5. The method of claim 4, wherein, In step S22, the blocking type is determined based on the difference between real-time operating data and standard data. The blocking type includes line load blocking, voltage blocking, and power flow transfer blocking.

6. The method for distributing revenue among multiple energy entities based on contribution as described in claim 1, characterized in that, Before performing timing alignment, step S32 extracts a time window from 30 minutes before the blockage occurs to 60 minutes after it occurs.

7. The method for distributing revenue among multiple energy entities based on contribution as described in claim 1, characterized in that, The specific steps of step S4 include: Step S41: Check whether the power output fluctuation period has triggered a safety event. Safety events include line overload, voltage over-limit, or protection device activation. Step S42: Statistical scheduling intervention measures taken to mitigate the impact of power output fluctuations; Step S43: Classify the degree of impact based on the severity of the security incident, the intensity of the intervention measures, and the cost; Step S44: Set a deduction value according to the level of influence, and deduct the basic contribution value accordingly.

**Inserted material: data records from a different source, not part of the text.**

(* Let $0<\alpha<\pi/4$ and $0<\beta\le\pi/4$, and consider the system on $S^2$ described in the context. Let $(x,\lambda)$ be a normal bang-bang extremal pair with $x(0)=N=(0,0,1)$, and let $s$, $s+t_1$, $s+t_1+t_2$ (with $t_1,t_2>0$) be three consecutive switching times. Then $(t_1,t_2)\in[0,\pi]^2$.
   Context: The system is $\dot x=Fx+u_1G_1x+u_2G_2x$ on the unit sphere $S^2\subset\mathbb R^3$, measurable controls $|u_i|\le1$, with $F=\cos\alpha\begin{pmatrix}0&-1&0\\1&0&0\\0&0&0\end{pmatrix}$, $G_1=\sin\alpha\sin\beta\begin{pmatrix}0&0&0\\0&0&-1\\0&1&0\end{pmatrix}$, $G_2=\sin\alpha\cos\beta\begin{pmatrix}0&0&-1\\0&0&0\\1&0&0\end{pmatrix}$. An extremal pair: trajectory $x$ with control $u$, Lipschitz row vector $\lambda(t)\in\mathbb R^3$ with $\lambda(t)\cdot x(t)=0$, $\lambda(t)\ne0$, and constant $\lambda_0\le0$, such that a.e. $\dot\lambda=-\lambda(F+u_1G_1+u_2G_2)$, $u(t)$ maximizes $\lambda Fx+u_1\lambda G_1x+u_2\lambda G_2x+\lambda_0$ over $[-1,1]^2$, and the maximum is $0$; normal if $\lambda_0<0$. Bang-bang: finitely many arcs on which $u$ is a.e. constant in $\{-1,1\}^2$; a switching time is a time at which $u_1$ or $u_2$ changes between $+1$ and $-1$. *)

From Stdlib Require Import Reals Lra.
Open Scope R_scope.

(* Vectors of R^3 are functions nat -> R (components 0,1,2);
   3x3 matrices are functions nat -> nat -> R. *)
Definition vec3 := nat -> R.
Definition mat3 := nat -> nat -> R.

Definition matvec (M : mat3) (x : vec3) : vec3 :=
  fun i => M i 0%nat * x 0%nat + M i 1%nat * x 1%nat + M i 2%nat * x 2%nat.

Definition rowmat (l : vec3) (M : mat3) : vec3 :=
  fun j => l 0%nat * M 0%nat j + l 1%nat * M 1%nat j + l 2%nat * M 2%nat j.

Definition dot (l x : vec3) : R :=
  l 0%nat * x 0%nat + l 1%nat * x 1%nat + l 2%nat * x 2%nat.

Definition vnonzero (l : vec3) : Prop :=
  l 0%nat <> 0 \/ l 1%nat <> 0 \/ l 2%nat <> 0.

Definition Fm (a : R) : mat3 := fun i j =>
  cos a * (match i, j with
           | 0%nat, 1%nat => -1
           | 1%nat, 0%nat => 1
           | _, _ => 0 end).

Definition G1m (a b : R) : mat3 := fun i j =>
  sin a * sin b * (match i, j with
                   | 1%nat, 2%nat => -1
                   | 2%nat, 1%nat => 1
                   | _, _ => 0 end).

Definition G2m (a b : R) : mat3 := fun i j =>
  sin a * cos b * (match i, j with
                   | 0%nat, 2%nat => -1
                   | 2%nat, 0%nat => 1
                   | _, _ => 0 end).

Definition Am (a b v1 v2 : R) : mat3 := fun i j =>
  Fm a i j + v1 * G1m a b i j + v2 * G2m a b i j.

Definition Ham (a b : R) (l x : vec3) (lam0 v1 v2 : R) : R :=
  dot l (matvec (Fm a) x) + v1 * dot l (matvec (G1m a b) x)
  + v2 * dot l (matvec (G2m a b) x) + lam0.

Definition is_sign (c : R) : Prop := c = 1 \/ c = -1.

(* Bang-bang control on [0,T]: finitely many arcs (tau i, tau (i+1)),
   i < n, covering [0,T], on each of which (u1,u2) is constant with values
   in {-1,1}^2.  The pointwise representative of the control is taken
   constant on each open arc (its values at the finitely many junction
   points are only required to satisfy |u_i| <= 1). *)
Definition bang_bang_partition (T : R) (u1 u2 : R -> R)
  (n : nat) (tau : nat -> R) (c1 c2 : nat -> R) : Prop :=
  (0 < n)%nat /\ tau 0%nat = 0 /\ tau n = T /\
  (forall i, (i < n)%nat -> tau i < tau (S i)) /\
  (forall i, (i < n)%nat -> is_sign (c1 i) /\ is_sign (c2 i)) /\
  (forall i t, (i < n)%nat -> tau i < t < tau (S i) ->
       u1 t = c1 i /\ u2 t = c2 i).

(* Normal bang-bang extremal pair (x, lam) on [0,T] with control (u1,u2)
   and constant multiplier lam0 < 0.  On each open arc the control is
   constant, so the (absolutely continuous / Lipschitz) x and lam are
   smooth there; the differential equations and the maximum condition are
   required on the open arcs (i.e. everywhere except at finitely many
   points, hence a.e.). *)
Definition normal_bang_bang_extremal (a b T : R) (x : R -> vec3)
  (u1 u2 : R -> R) (lam : R -> vec3) (lam0 : R) : Prop :=
  0 < T /\
  lam0 < 0 /\
  (forall t, 0 <= t <= T -> -1 <= u1 t <= 1 /\ -1 <= u2 t <= 1) /\
  (exists n tau c1 c2,
     bang_bang_partition T u1 u2 n tau c1 c2 /\
     (forall i t, (i < n)%nat -> tau i < t < tau (S i) ->
        (forall k, (k < 3)%nat ->
           derivable_pt_lim (fun s => x s k) t
             (matvec (Am a b (u1 t) (u2 t)) (x t) k)) /\
        (forall k, (k < 3)%nat ->
           derivable_pt_lim (fun s => lam s k) t
             (- rowmat (lam t) (Am a b (u1 t) (u2 t)) k)) /\
        (forall v1 v2, -1 <= v1 <= 1 -> -1 <= v2 <= 1 ->
           Ham a b (lam t) (x t) lam0 v1 v2
             <= Ham a b (lam t) (x t) lam0 (u1 t) (u2 t)) /\
        Ham a b (lam t) (x t) lam0 (u1 t) (u2 t) = 0)) /\
  (forall k, (k < 3)%nat -> forall t, 0 <= t <= T ->
       continuity_pt (fun s => x s k) t) /\
  (forall t, 0 <= t <= T -> dot (x t) (x t) = 1) /\
  (exists K, forall k, (k < 3)%nat -> forall t s, 0 <= t <= T -> 0 <= s <= T ->
       Rabs (lam t k - lam s k) <= K * Rabs (t - s)) /\
  (forall t, 0 <= t <= T -> dot (lam t) (x t) = 0 /\ vnonzero (lam t)).

Definition switching_time (T : R) (u1 u2 : R -> R) (t : R) : Prop :=
  exists eps, 0 < eps /\ 0 <= t - eps /\ t + eps <= T /\
  exists a1 a2 b1 b2,
    is_sign a1 /\ is_sign a2 /\ is_sign b1 /\ is_sign b2 /\
    (a1 <> b1 \/ a2 <> b2) /\
    (forall r, t - eps < r < t -> u1 r = a1 /\ u2 r = a2) /\
    (forall r, t < r < t + eps -> u1 r = b1 /\ u2 r = b2).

8. The method for distributing revenue among multiple energy entities based on contribution as described in claim 1, characterized in that, The specific steps of step S5 include: Step S51: Collect the automatic adjustment and manual maintenance records of the generator to be corrected after the blockage as a response processing record; Step S52: Evaluate the type suitability of the response processing record in conjunction with the blocking type; Step S53: Classify the processing level based on the response speed, blockage mitigation effect, and type adaptability of the response processing records; Step S54: Set an additional value according to the processing level, and adjust the basic contribution value accordingly.

9. A method for distributing revenue among multiple energy entities based on contribution as described in claim 1, characterized in that, The specific steps of step S6 include: Step S61: Obtain the electricity sales revenue and operation and maintenance costs of the target power grid, and calculate the total revenue based on the electricity sales revenue and operation and maintenance costs; Step S62: Multiply the total revenue by the base contribution after negative correlation correction and positive correlation correction respectively, and then allocate it to different types of power generation entities.